To develop a high confidence SRM assay for the human kinome, we set out to systematically identify proteotypic peptides and empirically evaluate their quantotypic properties. To ensure our assay covers the complexity of post-transcriptional and translational modifications observed in vivo, we enriched and identified endogenously expressed protein kinases using discovery-based MS followed by SRM assessment of all in silico predicted non-modified tryptic peptides (see Fig. 1a for workflow). Initially we sought to identify expressed protein kinases across a panel of six cell lines. Using ActivX nucleotide analogues (desthiobiotin-ATP and -ADP), we enriched nucleotide binding proteins and identified isolated proteins by data-dependent analysis on an Orbitrap Velos14,15. This led to the accumulated identification of 219 protein kinases (Fig. 1b and Supplementary Fig. 1), covering 42% of the human kinome (Fig. 1d). To evaluate the proteotypic properties of all tryptic peptides for the identified kinases, we in silico digested the entire protein coding sequence and evaluated the intensity of all SRM transitions on a triple quadrupole mass spectrometer12 (Online Methods). To increase sensitivity during this stage of assay development, we evaluated protein kinases from enriched samples where the discovery analysis provided high sequence coverage. In total, we evaluated 35954 transitions (y-series ions) targeting 5806 peptides across 208 protein kinases (Fig. 1c and Online Methods). Due to the high number of peptides that were evaluated, we predicted the retention time of each peptide using SSRCalc 3.016, which facilitated the evaluation of close to 1000 transitions in a single MS analysis. In total, this led to the identification of 4375 transitions for 1820 peptides covering 207 protein kinases (Supplementary Table 1). Subsequent filtering for sequence uniqueness further reduced this to 790 proteotypic peptides targeting 196 protein kinases, covering 37% of the human kinome (Fig. 1d), where 132 (25%) were covered by three or more proteotypic peptides. All proteotypic peptides, from the 132 kinases, were subsequently validated with synthetic counterparts where 453 of 466 peptides displayed a Pearson correlation >0.8 and ΔiRT <10 (<1.5 minutes), validating 97% of the peptides (Online Methods, Supplementary Fig. 2 and Supplementary Table 2). To our knowledge this represents the highest coverage of the human kinome by SRM to date.

Figure 1. Development of a targeted proteomic assay for human protein kinases.

Figure 1

(a) Overview of the workflow combining enrichment and identification of nucleotide binding proteins with subsequent evaluation of proteotypic and quantotypic peptides. (b) Bar graph showing the unique and accumulated number of identified kinases across six cell lines. (c) Box plots displaying the number of evaluated peptides per protein including total number of in silico digested peptides evaluated by SRM, all peptides identified by SRM, assigned proteotypic peptides, and proteotypic peptides validated by synthetic counterparts. For each box, centre lines show the medians; box limits indicate the 25th and 75th percentiles, whiskers extend 1.5 times the interquartile range from the 25th and 75th percentiles and outliers are represented by circles. (d) Coverage of the human kinome. Kinases with successfully identified proteotypic peptides are shown in red. Kinases only detected by discovery MS are shown in yellow. The use of the kinome tree is reproduced courtesy of Cell Signaling Technology, Inc. (www.cellsignal.com).
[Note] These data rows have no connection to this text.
(* Let $M_T$ and $M_{T'}$ be two homomorphous MDPs with deterministic dynamics $T$ and $T'$, common reward $r$, and discount $\gamma\in(0,1)$. Assume $T'\in(T,\varepsilon_m)$, that $r$ is $\lambda_1$-Lipschitz in the action, and that both $T$ and $T'$ are $\lambda_2$-inverse Lipschitz in the action. Then for every $s\in\mathcal S$, $$\left|V^*_T(s)-V^*_{T'}(s)\right|\le\frac{\lambda_1\lambda_2\varepsilon_m}{1-\gamma}.$$
   Context: An MDP here has state space $\mathcal S\subseteq\mathbb R^n$ (with a norm $\|\cdot\|$), action space $\mathcal A$ with the $\ell_1$ norm $\|\cdot\|_1$, deterministic dynamics $T:\mathcal S\times\mathcal A\to\mathcal S$, bounded reward $r(s,a,s')$, initial state distribution $\rho_0$, and discount $\gamma\in(0,1)$. The optimal value function $V^*_T$ is the unique bounded solution of $V^*_T(s)=\max_a\left[r(s,a,T(s,a))+\gamma V^*_T(T(s,a))\right]$ (maxima assumed attained), with $Q^*_T(s,a)=r(s,a,T(s,a))+\gamma V^*_T(T(s,a))$ and $\pi^*_T(s)$ a maximizing action. Two MDPs are homomorphous if they share $\mathcal S,\mathcal A,r,\rho_0,\gamma$ and differ only in the dynamics, with the same sets of reachable next states: for every $s$, $\{T(s,a):a\in\mathcal A\}=\{T'(s,a):a\in\mathcal A\}$. $T'\in(T,\varepsilon_m)$ means $\|T(s,a)-T'(s,a)\|\le\varepsilon_m$ for all $(s,a)$. $r$ is $\lambda_1$-Lipschitz in the action: $|r(s,a_1,s')-r(s,a_2,s')|\le\lambda_1\|a_1-a_2\|_1$ for all $s,s',a_1,a_2$. $T$ is $\lambda_2$-inverse Lipschitz in the action: $\|a_1-a_2\|_1\le\lambda_2\|T(s,a_1)-T(s,a_2)\|$ for all $s,a_1,a_2$. *)

From mathcomp Require Import all_boot all_order all_algebra.
From mathcomp Require Import reals.
Set Implicit Arguments. Unset Strict Implicit. Unset Printing Implicit Defensive.
Import Order.TTheory GRing.Theory Num.Theory.
Local Open Scope ring_scope.

Section MDP.
Variables (R : realType) (n k : nat).
Local Notation St := 'rV[R]_n.
Local Notation Ac := 'rV[R]_k.

Definition l1norm (a : Ac) : R := \sum_(i < k) `|a ord0 i|.

Record is_norm (N : St -> R) : Prop := IsNorm {
  norm_ge0 : forall x, 0 <= N x;
  norm_eq0 : forall x, N x = 0 -> x = 0;
  normZ : forall (c : R) x, N (c *: x) = `|c| * N x;
  normD : forall x y, N (x + y) <= N x + N y }.

Definition is_dynamics (S : St -> Prop) (A : Ac -> Prop) (T : St -> Ac -> St) :=
  forall s a, S s -> A a -> S (T s a).

Definition reward_bounded (S : St -> Prop) (A : Ac -> Prop) (r : St -> Ac -> St -> R) :=
  exists B : R, forall s a s', S s -> A a -> S s' -> `|r s a s'| <= B.

Definition bounded_on (S : St -> Prop) (V : St -> R) :=
  exists B : R, forall s, S s -> `|V s| <= B.

Definition Qval (T : St -> Ac -> St) (r : St -> Ac -> St -> R) (gamma : R)
  (V : St -> R) (s : St) (a : Ac) : R :=
  r s a (T s a) + gamma * V (T s a).

(* V is a bounded solution of the Bellman optimality equation (max attained);
   by uniqueness this is V^*_T *)
Definition is_optimal_value (S : St -> Prop) (A : Ac -> Prop) (T : St -> Ac -> St)
  (r : St -> Ac -> St -> R) (gamma : R) (V : St -> R) :=
  bounded_on S V /\
  forall s, S s ->
    (exists a, A a /\ V s = Qval T r gamma V s a) /\
    (forall a, A a -> Qval T r gamma V s a <= V s).

Definition homomorphous (S : St -> Prop) (A : Ac -> Prop) (T T' : St -> Ac -> St) :=
  forall s, S s -> forall x,
    (exists a, A a /\ T s a = x) <-> (exists a, A a /\ T' s a = x).

Definition dyn_close (N : St -> R) (S : St -> Prop) (A : Ac -> Prop)
  (T T' : St -> Ac -> St) (eps : R) :=
  forall s a, S s -> A a -> N (T s a - T' s a) <= eps.

Definition reward_lipschitz_action (S : St -> Prop) (A : Ac -> Prop)
  (r : St -> Ac -> St -> R) (l1 : R) :=
  forall s s' a1 a2, S s -> S s' -> A a1 -> A a2 ->
    `|r s a1 s' - r s a2 s'| <= l1 * l1norm (a1 - a2).

Definition inverse_lipschitz_action (N : St -> R) (S : St -> Prop) (A : Ac -> Prop)
  (T : St -> Ac -> St) (l2 : R) :=
  forall s a1 a2, S s -> A a1 -> A a2 ->
    l1norm (a1 - a2) <= l2 * N (T s a1 - T s a2).

End MDP.

(* Let d = sup_s |V*_T(s) - V*_T'(s)|.  The proof is a contraction argument.
   - Since both MDPs reach the same next states, an optimal action a of M_T at
     s can be matched by an action b of M_T' with T'(s,b) = T(s,a).  By inverse
     Lipschitzness of T' and closeness of T and T', |a - b|_1 <= l2 * eps, so the
     rewards of a and b differ by at most l1 * l2 * eps (reward_gap_matched).
   - Comparing the Bellman equation of V at s with the Bellman inequality of V'
     at the matched action gives V s - V' s <= l1 l2 eps + gamma d
     (optimal_value_gap_step); by symmetry the same holds for V' - V.
   - Hence d <= l1 l2 eps + gamma d, and an abstract contraction lemma on
     suprema of bounded families (contraction_sup_bound) gives
     d <= l1 l2 eps / (1 - gamma). *)
From mathcomp Require Import all_boot all_order all_algebra.
From mathcomp Require Import reals.
From mathcomp Require Import classical_sets lra.
Set Implicit Arguments. Unset Strict Implicit. Unset Printing Implicit Defensive.
Import Order.TTheory GRing.Theory Num.Theory.
Local Open Scope ring_scope.

(* If a bounded family g on P satisfies g <= c + gamma * D for every upper bound
   D of g, with 0 <= gamma < 1, then g is bounded by the fixed point c/(1-gamma):
   apply the hypothesis to the least upper bound. *)
Lemma contraction_sup_bound (R : realType) (X : Type) (P : X -> Prop)
  (g : X -> R) (c gamma : R) :
  0 <= gamma -> gamma < 1 ->
  (exists B, forall x, P x -> g x <= B) ->
  (forall D, (forall x, P x -> g x <= D) -> forall x, P x -> g x <= c + gamma * D) ->
  forall x, P x -> g x <= c / (1 - gamma).
Proof.
move=> g0 g1 [B gB] contract x Px.
pose E : set R := (g @` P)%classic.
have ubE : has_ubound E by exists B => _ [y Py <-]; exact: gB.
have supE : forall y, P y -> g y <= sup E.
  by move=> y Py; apply: ub_le_sup => //; exists y.
have sup_fix : sup E <= c + gamma * sup E.
  by apply: ge_sup => [|_ [y Py <-]]; [exists (g x), x | exact: contract].
rewrite ler_pdivlMr; last lra.
have := supE x Px; nra.
Qed.

Lemma dyn_close_sym (R : realType) (n k : nat) (N : 'rV[R]_n -> R)
  (S : 'rV[R]_n -> Prop) (A : 'rV[R]_k -> Prop)
  (T T' : 'rV[R]_n -> 'rV[R]_k -> 'rV[R]_n) (eps : R) :
  is_norm N -> dyn_close N S A T T' eps -> dyn_close N S A T' T eps.
Proof.
move=> normN close s a Ss Aa.
by rewrite -opprB -scaleN1r (normZ normN) normrN1 mul1r; exact: close.
Qed.

Lemma homomorphous_transfer (R : realType) (n k : nat)
  (S : 'rV[R]_n -> Prop) (A : 'rV[R]_k -> Prop)
  (T T' : 'rV[R]_n -> 'rV[R]_k -> 'rV[R]_n) :
  homomorphous S A T T' ->
  (forall s a, S s -> A a -> exists b, A b /\ T' s b = T s a) /\
  (forall s a, S s -> A a -> exists b, A b /\ T s b = T' s a).
Proof.
move=> hom; split=> s a Ss Aa.
- exact: (proj1 (hom s Ss (T s a))) (ex_intro _ a (conj Aa erefl)).
- exact: (proj2 (hom s Ss (T' s a))) (ex_intro _ a (conj Aa erefl)).
Qed.

Section OneStep.
Variables (R : realType) (n k : nat) (N : 'rV[R]_n -> R).
Variables (S : 'rV[R]_n -> Prop) (A : 'rV[R]_k -> Prop).
Variable r : 'rV[R]_n -> 'rV[R]_k -> 'rV[R]_n -> R.
Variables (gamma eps l1 l2 : R).
Hypotheses (l1_ge0 : 0 <= l1) (l2_ge0 : 0 <= l2).
Hypothesis r_lip : reward_lipschitz_action S A r l1.

(* Two actions leading T' to the point T(s,a) are l2*eps-close in l1 norm
   (T' is inverse Lipschitz and eps-close to T), so their rewards are
   l1*l2*eps-close. *)
Lemma reward_gap_matched (T T' : 'rV[R]_n -> 'rV[R]_k -> 'rV[R]_n) s x a b :
  dyn_close N S A T' T eps -> inverse_lipschitz_action N S A T' l2 ->
  S s -> S x -> A a -> A b -> T' s b = T s a ->
  `|r s a x - r s b x| <= l1 * l2 * eps.
Proof.
move=> close T'_inv Ss Sx Aa Ab matched.
apply: le_trans (r_lip Ss Sx Aa Ab) _; rewrite -mulrA ler_wpM2l //.
apply: le_trans (T'_inv s a b Ss Aa Ab) _.
by rewrite matched ler_wpM2l //; exact: close.
Qed.

(* One Bellman step: if V - V' <= D on S, then V - V' <= l1 l2 eps + gamma D,
   by evaluating V' at an action of M_T' matching an optimal action of M_T. *)
Lemma optimal_value_gap_step (T T' : 'rV[R]_n -> 'rV[R]_k -> 'rV[R]_n)
  (V V' : 'rV[R]_n -> R) (D : R) :
  0 <= gamma -> is_dynamics S A T ->
  (forall s a, S s -> A a -> exists b, A b /\ T' s b = T s a) ->
  dyn_close N S A T' T eps -> inverse_lipschitz_action N S A T' l2 ->
  is_optimal_value S A T r gamma V -> is_optimal_value S A T' r gamma V' ->
  (forall x, S x -> V x - V' x <= D) ->
  forall s, S s -> V s - V' s <= l1 * l2 * eps + gamma * D.
Proof.
move=> g0 T_dyn realised close T'_inv [_ V_bell] [_ V'_bell] gapD s Ss.
have [[a [Aa ->]] _] := V_bell s Ss.
have [b [Ab matched]] := realised s a Ss Aa.
have Sx := T_dyn s a Ss Aa.
have V'_ge : Qval T' r gamma V' s b <= V' s := (V'_bell s Ss).2 b Ab.
have reward_gap : r s a (T s a) - r s b (T s a) <= l1 * l2 * eps.
  apply: le_trans (ler_norm _) _.
  exact: reward_gap_matched close T'_inv Ss Sx Aa Ab matched.
have value_gap : gamma * (V (T s a) - V' (T s a)) <= gamma * D.
  by rewrite ler_wpM2l //; exact: gapD.
move: V'_ge reward_gap value_gap; rewrite /Qval matched; lra.
Qed.

End OneStep.

Theorem mainTheorem1 (R : realType) (n k : nat) (N : 'rV[R]_n -> R)
  (S : 'rV[R]_n -> Prop) (A : 'rV[R]_k -> Prop)
  (T T' : 'rV[R]_n -> 'rV[R]_k -> 'rV[R]_n)
  (r : 'rV[R]_n -> 'rV[R]_k -> 'rV[R]_n -> R)
  (gamma eps l1 l2 : R) (V V' : 'rV[R]_n -> R) :
  is_norm N ->
  0 < gamma -> gamma < 1 ->
  is_dynamics S A T -> is_dynamics S A T' ->
  reward_bounded S A r ->
  homomorphous S A T T' ->
  dyn_close N S A T T' eps ->
  0 <= l1 -> 0 <= l2 ->
  reward_lipschitz_action S A r l1 ->
  inverse_lipschitz_action N S A T l2 ->
  inverse_lipschitz_action N S A T' l2 ->
  is_optimal_value S A T r gamma V ->
  is_optimal_value S A T' r gamma V' ->
  forall s, S s -> `|V s - V' s| <= l1 * l2 * eps / (1 - gamma).
Proof.
move=> normN g0 g1 T_dyn T'_dyn _ hom close l1_ge0 l2_ge0 r_lip T_inv T'_inv
  optV optV'.
have [realised realised'] := homomorphous_transfer hom.
have close' := dyn_close_sym normN close.
apply: (contraction_sup_bound (ltW g0) g1).
- have [[B1 hB1] _] := optV; have [[B2 hB2] _] := optV'.
  exists (B1 + B2) => t St.
  by apply: le_trans (ler_normB _ _) _; apply: lerD; [exact: hB1 | exact: hB2].
- move=> D gapD t St; rewrite ler_norml; apply/andP; split.
  + rewrite lerNl opprB.
    apply: (optimal_value_gap_step l1_ge0 l2_ge0 r_lip (ltW g0) T'_dyn realised'
      close T_inv optV' optV) => // x Sx.
    by apply: le_trans (ler_norm _) _; rewrite distrC; exact: gapD.
  + apply: (optimal_value_gap_step l1_ge0 l2_ge0 r_lip (ltW g0) T_dyn realised
      close' T'_inv optV optV') => // x Sx.
    exact: le_trans (ler_norm _) (gapD x Sx).
Qed.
To empirically assess the quantotypic properties of all proteotypic peptides, we devised an easily implemented workflow building on the use of endogenous proteins for assay development. Since quantotypic peptides are stoichiometric to the level of the protein, we reasoned that the relative level between proteotypic peptides from the same protein could be used to empirically assess their quantotypic properties. Any modification of a peptide will result in a net decrease in the level of the unmodified version. Therefore, within each protein, the ratio between any two quantotypic peptides will be constant across multiple biological conditions. Conversely, if a peptide is differentially modified across samples, the ratio to other proteotypic peptides changes. Since peptides are compared in a pairwise manner within each protein, this approach is tolerant to differences in total protein levels and is more robust when differences exist.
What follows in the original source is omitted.